Action item - Look for the word "Require" in the entries below, then copy every line that has it.

Material supplied -
(* Let $G=\langle a,b\mid a^n=1,\ b^t=a^k,\ b^{-1}ab=a^r\rangle$ with natural numbers $n,t,k,r$ satisfying $r^t\equiv1\pmod n$ and $k(r-1)\equiv0\pmod n$. Let $(v,i,c)\in\mathfrak{N}$ and $(v,\alpha_1,\beta_1),(v,\alpha_2,\beta_2)\in X_{v,i,c}$. Then $H_{v,\alpha_1,\beta_1o_v}$ and $H_{v,\alpha_2,\beta_2o_v}$ are conjugate in $G$ if and only if $\beta_1=\beta_2$ and $\alpha_1\equiv\alpha_2r^j\pmod v$ for some integer $j$.
   Context: For a divisor $v$ of $n$: $o_v=\operatorname{ord}_v(r)$, $\mathcal{B}_{o_v}=\{(w,i,c)\in\mathbb{Z}^3: w>0,\ w\mid n,\ w\mid r^{o_v}-1,\ o_vc>0,\ o_vc\mid t,\ w\mid k+i\tfrac{t}{o_vc}\}$. For integers $v,i,c$, $H_{v,i,c}=\langle a^v,a^ib^c\rangle$. $\mathfrak{N}=\{(v,i,c)\in\mathbb{Z}^3: v>0,\ v\mid n,\ c>0,\ c\mid t,\ 0\le i\le v-1,\ v\mid k+i\tfrac tc,\ o_v\mid c,\ v\mid i(r-1)\}$. For $(v,i,c)\in\mathfrak{N}$, $X_{v,i,c}$ is the set of $(v,\alpha,\beta)\in\mathcal{B}_{o_v}$ with $\beta o_v\mid c$, $\alpha\frac{c}{\beta o_v}\equiv i\pmod v$, $\beta=\frac{c\gcd(\alpha(r-1),v)}{v\,o_v}$ and $\gcd(v,\alpha,\beta)=1$. *)

From mathcomp Require Import all_boot all_order all_algebra all_fingroup.
Set Implicit Arguments.
Unset Strict Implicit.
Unset Printing Implicit Defensive.
Import GRing.Theory Num.Theory.

Definition zexpg (gT : finGroupType) (x : gT) (z : int) : gT :=
  match z with
  | Posz m => (x ^+ m)%g
  | Negz m => (x ^- m.+1)%g
  end.

(* When gcd(r,v)=1
   this order is at most v, so searching in 1..v suffices (returns 0 if no
   such m exists, which never happens under the standing hypotheses). *)
Definition ordv (v r : nat) : nat :=
  head 0%N [seq m <- iota 1 v | r ^ m == 1 %[mod v]].
(* Bits that can be read off both u and v force u and v to share their information. *)
Lemma mutual_info_ge_decoding {T U : finType} (u : Omega -> T) (v : Omega -> U)
    (F : nat -> Omega -> bool) (f : nat -> T -> bool) (g : nat -> U -> bool)
    (l : seq nat) :
  finrv u -> finrv v -> (forall k, finrv (F k)) ->
  entropy (bits F l)
  - \sum_(k <- l) Defs.eta (pmass (fun o => f k (u o) == F k o) true)
  - \sum_(k <- l) Defs.eta (pmass (fun o => g k (v o) == F k o) true)
  <= mutual_info u v.
Proof.
move=> mu mv mF; apply: le_trans (mutual_info_ge mu mv (finrv_bits F l mF)).
have := cond_entropy_bits_decode_le F u f l mF mu.
have := cond_entropy_bits_decode_le F v g l mF mv.
lra.
Qed.

End FiniteEntropy.

Lemma natmul_bounded_le0 {R : realType} (a b : R) :
  (forall k : nat, k%:R * a <= b) -> a <= 0.
Proof.
move=> bounded; rewrite leNgt; apply/negP => a_gt0.
have /archi_boundP := divr_ge0 (normr_ge0 b) (ltW a_gt0).
rewrite ltr_pdivrMr // => /lt_le_trans/(_ (bounded _)).
by rewrite ltNge ler_norm.
Qed.

Section ConcaveSequence.
Context {R : realType} (u : R^nat).
Hypotheses (u_ge0 : forall n, 0 <= u n)
  (u_concave : forall n, u n.+2 - u n.+1 <= u n.+1 - u n).

Local Notation rate := (limn (fun n => u n / n%:R)).

Lemma concave_incr_antitone i j : (i <= j)%N -> u j.+1 - u j <= u i.+1 - u i.
Proof.
elim: j => [|j IH]; first by rewrite leqn0 => /eqP ->.
rewrite leq_eqVlt => /orP[/eqP ->//|]; rewrite ltnS => /IH.
exact: le_trans (u_concave j).
Qed.

Lemma concave_le_tangent j k : u (j + k)%N <= u j + k%:R * (u j.+1 - u j).
Proof.
elim: k => [|k IH]; first by rewrite addn0 mul0r addr0.
have := @concave_incr_antitone _ _ (leq_addr k j).
rewrite addnS -natr1; lra.
Qed.

Lemma concave_natmul_incr_le n : n%:R * (u n.+1 - u n) <= u n.
Proof.
elim: n => [|n IH]; first by rewrite mul0r u_ge0.
have := u_concave n; have := u_ge0 n; rewrite -natr1 => u_n_ge0 concave_n.
have n_ge0 : 0 <= n%:R :> R by [].
nra.
Qed.

Lemma concave_slope_antitone n : (0 < n)%N -> u n.+1 / n.+1%:R <= u n / n%:R.
Proof.
move=> n_gt0; rewrite ler_pdivrMr ?ltr0n // mulrAC ler_pdivlMr ?ltr0n //.
have := concave_natmul_incr_le n; rewrite -natr1 => h; nra.
Qed.

Lemma concave_slope_nonincreasing :
  nonincreasing_seq (fun n => u n.+1 / n.+1%:R).
Proof. by apply/nonincreasing_seqP => n; exact: concave_slope_antitone. Qed.

Lemma cvg_concave_slope : (fun n => u n / n%:R) @ \oo --> rate.
Proof.
have lb : has_lbound (range (fun n => u n.+1 / n.+1%:R)).
  by exists 0 => _ [n _ <-]; rewrite divr_ge0.
have := nonincreasing_cvgn concave_slope_nonincreasing lb.
by rewrite (cvg_shiftS (fun n => u n / n%:R)) => /cvgP.
Qed.

Lemma rate_le_concave_slope n : (0 < n)%N -> rate <= u n / n%:R.
Proof.
case: n => // n _; have := cvg_concave_slope.
rewrite -(cvg_shiftS (fun n => u n / n%:R)) => slope_cvg.
have := nonincreasing_cvgn_ge concave_slope_nonincreasing (cvgP _ slope_cvg) n.
by rewrite (cvg_lim _ slope_cvg).
Qed.

(* The rate lies below every increment: otherwise the tangent bound would beat it linearly. *)
Lemma rate_le_concave_incr j : rate <= u j.+1 - u j.
Proof.
rewrite -subr_le0.
apply: (@natmul_bounded_le0 _ _ (u j - j%:R * rate - (rate - (u j.+1 - u j)))) => k.
have := @rate_le_concave_slope _ (ltn0Sn (j + k)).
rewrite -addnS ler_pdivlMr ?ltr0n ?addn_gt0 ?orbT // natrD.
have := concave_le_tangent j k.+1; rewrite -natr1; lra.
Qed.

Lemma rate_le_concave_diff m n : n%:R * rate <= u (m + n)%N - u m.
Proof.
elim: n => [|n IH]; first by rewrite addn0 mul0r subrr.
have := rate_le_concave_incr (m + n); rewrite addnS -natr1; lra.
Qed.

End ConcaveSequence.

Section BlockEntropy.
Context {R : realType} {d : measure_display} {Omega : measurableType d}
  (P : probability Omega R) {A : finType} (X : int -> Omega -> A).

Lemma val_blk t n o : val (blk X t n o) = [seq X (t + i.+1%:Z) o | i <- iota 0 n].
Proof. by rewrite /blk /= -val_enum_ord -map_comp. Qed.
Lemma char_poly_similar (R : comUnitRingType) n (P D : 'M[R]_n) : P \in unitmx ->
  char_poly (invmx P *m D *m P) = char_poly D.
Proof.
move=> uP; rewrite /char_poly.
set Q := map_mx polyC P; set Qi := map_mx polyC (invmx P).
have QiQ : Qi *m Q = 1%:M by rewrite -map_mxM mulVmx // map_mx1.
have -> : char_poly_mx (invmx P *m D *m P) = Qi *m char_poly_mx D *m Q.
  rewrite /char_poly_mx !map_mxM mulmxBr mulmxBl -!/Qi -!/Q.
  by rewrite [Qi *m _%:M]scalar_mxC -[_%:M *m Qi *m Q]mulmxA QiQ mulmx1.
by rewrite !det_mulmx mulrAC -det_mulmx QiQ det1 mul1r.
Qed.

Section Eigencount.
Variable C : numClosedFieldType.

Lemma eigseq_similar_diag n (P : 'M[C]_n) d : P \in unitmx ->
  perm_eq (eigseq (invmx P *m diag_mx d *m P)) [seq d 0 i | i <- enum 'I_n].
Proof.
move=> uP; apply: prod_XsubC_eq; rewrite /eigseq.
case: closed_field_poly_normal => r /=.
rewrite (monicP (char_poly_monic _)) scale1r => <-.
rewrite char_poly_similar // char_poly_trig ?diag_mx_is_trig // big_map big_enum /=.
by apply: eq_bigr => i _; rewrite mxE eqxx mulr1n.
Qed.

Lemma eigcount_similar_diag n (P : 'M[C]_n) d (Q : pred C) : P \in unitmx ->
  eigcount (invmx P *m diag_mx d *m P) Q = #|[set i | Q (d 0 i)]|.
Proof.
move=> uP; rewrite /eigcount (permP (eigseq_similar_diag d uP)) count_map.
rewrite enumT cardsE cardE /enum_mem size_filter.
by apply: eq_count => i; rewrite inE.
Qed.

Lemma eigcount_normal n (S : 'M[C]_n) (Q : pred C) : S \is normalmx ->
  eigcount S Q = #|[set i | Q (spectral_diag S 0 i)]|.
Proof. by move/orthomx_spectralP => {1}->; apply/eigcount_similar_diag/spectral_unit. Qed.

Definition imag_part n (S : 'M[C]_n) := (2%:R * 'i)^-1 *: (S - adjmx S).

Lemma eigcount_imag_part n (S : 'M[C]_n) (Q : pred C) : S \is normalmx ->
  eigcount (imag_part S) Q = eigcount S (fun z => Q ('Im z)).
Proof.
move=> nS; have /orthomx_spectralP ES := nS.
have uW := spectral_unitarymx S.
set W := spectralmx S in ES uW; set s := spectral_diag S in ES.
have -> : imag_part S = invmx W *m diag_mx (map_mx (@Im C) s) *m W.
  rewrite /imag_part ES !adjmxM adjmx_diag invmx_unitary_adj // adjmxK.
  rewrite -!mulmxA -mulmxBr -mulmxBl scalemxAr scalemxAl; congr (_ *m (_ *m _)).
  apply/matrixP=> i j; rewrite !mxE; have [_|_] := eqVneq i j; last by rewrite !mulr0n subr0 mulr0.
  by rewrite ImE invfM invCi !mulr1n; ring.
rewrite [RHS]eigcount_normal // eigcount_similar_diag ?unitarymx_unit //.
by apply: eq_card => i; rewrite !inE mxE.
Qed.

End Eigencount.

Lemma capmx_neq0 (F : fieldType) m1 m2 n (X1 : 'M[F]_(m1, n)) (X2 : 'M[F]_(m2, n)) :
  (n < \rank X1 + \rank X2)%N -> (X1 :&: X2)%MS != 0.
Proof.
rewrite -mxrank_eq0 -lt0n -mxrank_sum_cap => lt_n.
by have := rank_leq_col (X1 + X2)%MS; lia.
Qed.

Section Inertia.
Variable C : numClosedFieldType.

Definition qform n (H : 'M[C]_n) (v : 'rV[C]_n) : C := (v *m H *m adjmx v) 0 0.

Lemma qform_congr n (G H : 'M[C]_n) v : qform (G *m H *m adjmx G) v = qform H (v *m G).
Proof. by rewrite /qform adjmxM !mulmxA. Qed.
Definition Rinf (E : R -> Prop) : R := epsilon (inhabits 0) (fun m => is_glb E m).
Definition Rsup (E : R -> Prop) : R := epsilon (inhabits 0) (fun m => is_lub E m).

Definition dist_epi (g : fn) (x : R * R) : R :=
  Rinf (fun t => exists y, epi g y /\ t = boxd x y).

Definition lsc (f : fn) : Prop :=
  forall x c, ER_lt (Fin c) (f x) ->
    exists d, 0 < d /\ forall y, Rabs (y - x) < d -> ER_lt (Fin c) (f y).

Definition convex (f : fn) : Prop :=
  forall x y a, 0 < a < 1 ->
    ER_le (f (a * x + (1 - a) * y))
          (ER_add (ER_scale a (f x)) (ER_scale (1 - a) (f y))).

Definition XM (f : fn) : Prop :=
  lsc f /\ convex f /\ (forall t, ER_le (Fin 0) (f t)) /\ f 0 <> PInf.

(** V_k(g): sup_{x in closed box of radius k} |d(x,epi h) - d(x,epi g)| < 1/k *)
Definition V (k : nat) (g : fn) (h : fn) : Prop :=
  XM h /\
  exists c, c < / INR k /\
    forall x, boxd (0, 0) x <= INR k ->
      Rabs (dist_epi h x - dist_epi g x) <= c.

(** Attouch-Wets open sets of X_M' (topology with local bases V_k, k >= 1) *)
Definition AW_open (U : fn -> Prop) : Prop :=
  (forall g, U g -> XM g) /\
  forall g, U g -> exists k, (0 < k)%nat /\ forall h, V k g h -> U h.

Definition graph_in_box (f : fn) (k : nat) (t : R) : Prop :=
  exists v, f t = Fin v /\ boxd (0, 0) (t, v) < 2 * INR k + 2.

Definition eta_l (f : fn) (k : nat) : R := Rinf (graph_in_box f k).
Definition eta_r (f : fn) (k : nat) : R := Rsup (graph_in_box f k).

Definition close_on (f : fn) (k : nat) (lo hi : R) : Prop :=
  forall a b, lo <= a <= hi -> lo <= b <= hi ->
    exists fa fb, f a = Fin fa /\ f b = Fin fb /\
      boxd (a, fa) (b, fb) < / (2 * INR k).

Definition eps_ok (f : fn) (k : nat) (e : R) : Prop :=
  0 < e /\ e < (eta_r f k - eta_l f k) / 2 /\
  close_on f k (eta_l f k) (eta_l f k + e) /\
  close_on f k (eta_r f k - e) (eta_r f k).

Definition fsharp (f : fn) (k : nat) (e : R) : fn := fun t =>
  if Rle_dec (eta_l f k + e) t then
    if Rle_dec t (eta_r f k - e) then ER_add (f t) (Fin (/ (2 * INR k)))
    else PInf
  else PInf.

(** h <<< g ; theta_{g,l}, theta_{g,r} are inf / sup of dom g.
    "theta_{h,l} < theta_{g,l}" is written as: some point of dom h lies below theta_{g,l}. *)
Definition lll (h g : fn) : Prop :=
  exists l r, is_glb (dom g) l /\ is_lub (dom g) r /\
    (exists t, dom h t /\ t < l) /\ (exists t, dom h t /\ r < t) /\
    (forall t, l <= t <= r -> ER_lt (h t) (g t)).

Definition W (g : fn) (h : fn) : Prop := XM h /\ lll h g.

Definition A (f : fn) (k : nat) (e : R) (h : fn) : Prop :=
  V k (fsharp f k e) h /\ W (fsharp f k e) h.

Definition comb (a : R) (g h : fn) : fn := fun t =>
  ER_add (ER_scale a (g t)) (ER_scale (1 - a) (h t)).
(* Assume (A1)–(A4). Run the Algorithm with $x_1\in R\mathbb{B}$, $\eta=\frac{2R}{G_f\sqrt{T}}$ and $\rho=0$. Then $\mathrm{Reg}_T\le2RG_f\sqrt{T}$, and for all $t\in[T]$, $$g(x_t)\le2RG_g\exp\Big(-\frac{\sigma^2(t-1)}{2G_g^2}\Big)+\frac{2RG_g}{\xi\sqrt{T}}.$$
   Context: Let $d,T$ be positive integers and $[T]=\{1,\dots,T\}$. Write $\|\cdot\|$ for the Euclidean norm and $\mathbb{B}=\{x\in\mathbb{R}^d:\|x\|\le1\}$. For a closed convex set $\mathcal{Y}$, $\Pi_{\mathcal{Y}}$ is the Euclidean projection onto $\mathcal{Y}$. For $a\in\mathbb{R}$, $[a]_+=\max(a,0)$. Let $g:\mathbb{R}^d\to\mathbb{R}$ be convex with subdifferential $\partial g(x)$, and set $\mathcal{X}=\{x:g(x)\le0\}$. Assumptions: (A1) there is $R>0$ with $\mathcal{X}\subseteq R\mathbb{B}$; (A2) $f_1,\dots,f_T:\mathbb{R}^d\to\mathbb{R}$ are convex and differentiable, and there is $G_f>0$ with $\|\nabla f_t(x)\|\le G_f$ for all $x\in R\mathbb{B}$ and all $t\in[T]$; (A3) there is $G_g>0$ with $\|s\|\le G_g$ for all $s\in\partial g(x)$ and all $x\in R\mathbb{B}$; (A4) there are $\sigma,\epsilon>0$ such that $\mathcal{X}'=\{x:g(x)=-\epsilon\}$ is nonempty and $\|s\|\ge\sigma$ for all $s\in\partial g(x)$ and all $x\in\mathcal{X}'$. Algorithm (OGD with Polyak feasibility steps). Inputs are $x_1\in\mathbb{R}^d$, $\eta>0$ and $\rho\ge0$. For $t=1,\dots,T$: - play $x_t$ and then receive $f_t$; the functions may be chosen adversarially and may depend on past actions; - query $g_t=g(x_t)$ and some $s_t\in\partial g(x_t)$; - set $y_t=x_t-\eta\nabla f_t(x_t)$; - if $s_t\ne0$, set $x_{t+1}=\Pi_{R\mathbb{B}}\big(y_t-\frac{[g_t+s_t^\top(y_t-x_t)+\rho]_+}{\|s_t\|^2}s_t\big)$; if $s_t=0$, set $x_{t+1}=\Pi_{R\mathbb{B}}(y_t)$. Regret is $\mathrm{Reg}_T=\sum_{t=1}^Tf_t(x_t)-\min_{x\in\mathcal{X}}\sum_{t=1}^Tf_t(x)$. Also $\gamma=1-\sigma^2/G_g^2$ and $\xi=1-\sqrt{\gamma}$. *)

From HB Require Import structures.
From mathcomp Require Import all_boot all_order all_algebra.
From mathcomp Require Import all_classical all_reals all_analysis.
Set Implicit Arguments. Unset Strict Implicit. Unset Printing Implicit Defensive.
Import Order.TTheory GRing.Theory Num.Theory.
Import numFieldNormedType.Exports.
Local Open Scope ring_scope.

Section Defs.
Variables (R : realType) (d : nat).
Local Notation vec := 'rV[R]_d.

Definition dotv (u v : vec) : R := (u *m v^T) 0 0.
Definition enorm (u : vec) : R := Num.sqrt (dotv u u).

Definition convex_fun (h : vec -> R) : Prop :=
  forall (x y : vec) (l : R), 0 <= l <= 1 ->
    h (l *: x + (1 - l) *: y) <= l * h x + (1 - l) * h y.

Reply -
From mathcomp Require Import all_boot all_order all_algebra all_fingroup.
From HB Require Import structures.
From mathcomp Require Import all_boot all_order all_algebra.
From mathcomp Require Import all_classical all_reals all_analysis.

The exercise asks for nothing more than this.